Lemma measurable_coord_S i : measurable_fun setT (coord_S i).
Proof.
apply: measurable_funR_le => b.
have -> : [set w : Markseq | (coord_S i w <= b)%R] =
   \bigcup_k [set w | (coord_e i w <= k%:R)%R /\ (coord_S i w <= b)%R /\ coord_Y i w <= +oo].
  apply/seteqP; split => w /=; last by case=> k _ [? []].
  have [k Hk] := nat_ub_finite_family (fun j => coord_e j w) i.+1.
  by exists k => //; split; [exact: Hk|split => //; exact: leey].
by apply: bigcupT_measurable => k; exact: measurable_coord_box.
Qed.

Lemma measurable_coord_Y i : measurable_fun setT (coord_Y i).
Proof.
apply: measurable_funE_le => c.
have -> : [set w : Markseq | coord_Y i w <= c%:E] =
   \bigcup_k [set w |
     (coord_e i w <= k%:R)%R /\ (coord_S i w <= k%:R)%R /\ coord_Y i w <= c%:E].
  apply/seteqP; split => w /=; last by case=> k _ [? []].
  have [k Hk] := nat_ub_finite_family (fun j => Num.max (coord_e j w) (coord_S j w)) i.+1.
  move=> wc; exists k => //.
  by have := Hk i (ltnSn i); rewrite ge_max => /andP[h1 h2].
by apply: bigcupT_measurable => k; exact: measurable_coord_box.
Qed.

Definition marks {T : Type} (e S : nat -> T -> R) (Y : nat -> T -> \bar R) (w : T)
  : Markseq := fun i => (e i w, S i w, Y i w).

- WHAT THIS TASK INVOLVES
Your answer should be a single number, which is the count of lines in the data above that include the word "Lemma".

- ANSWER BELOW
2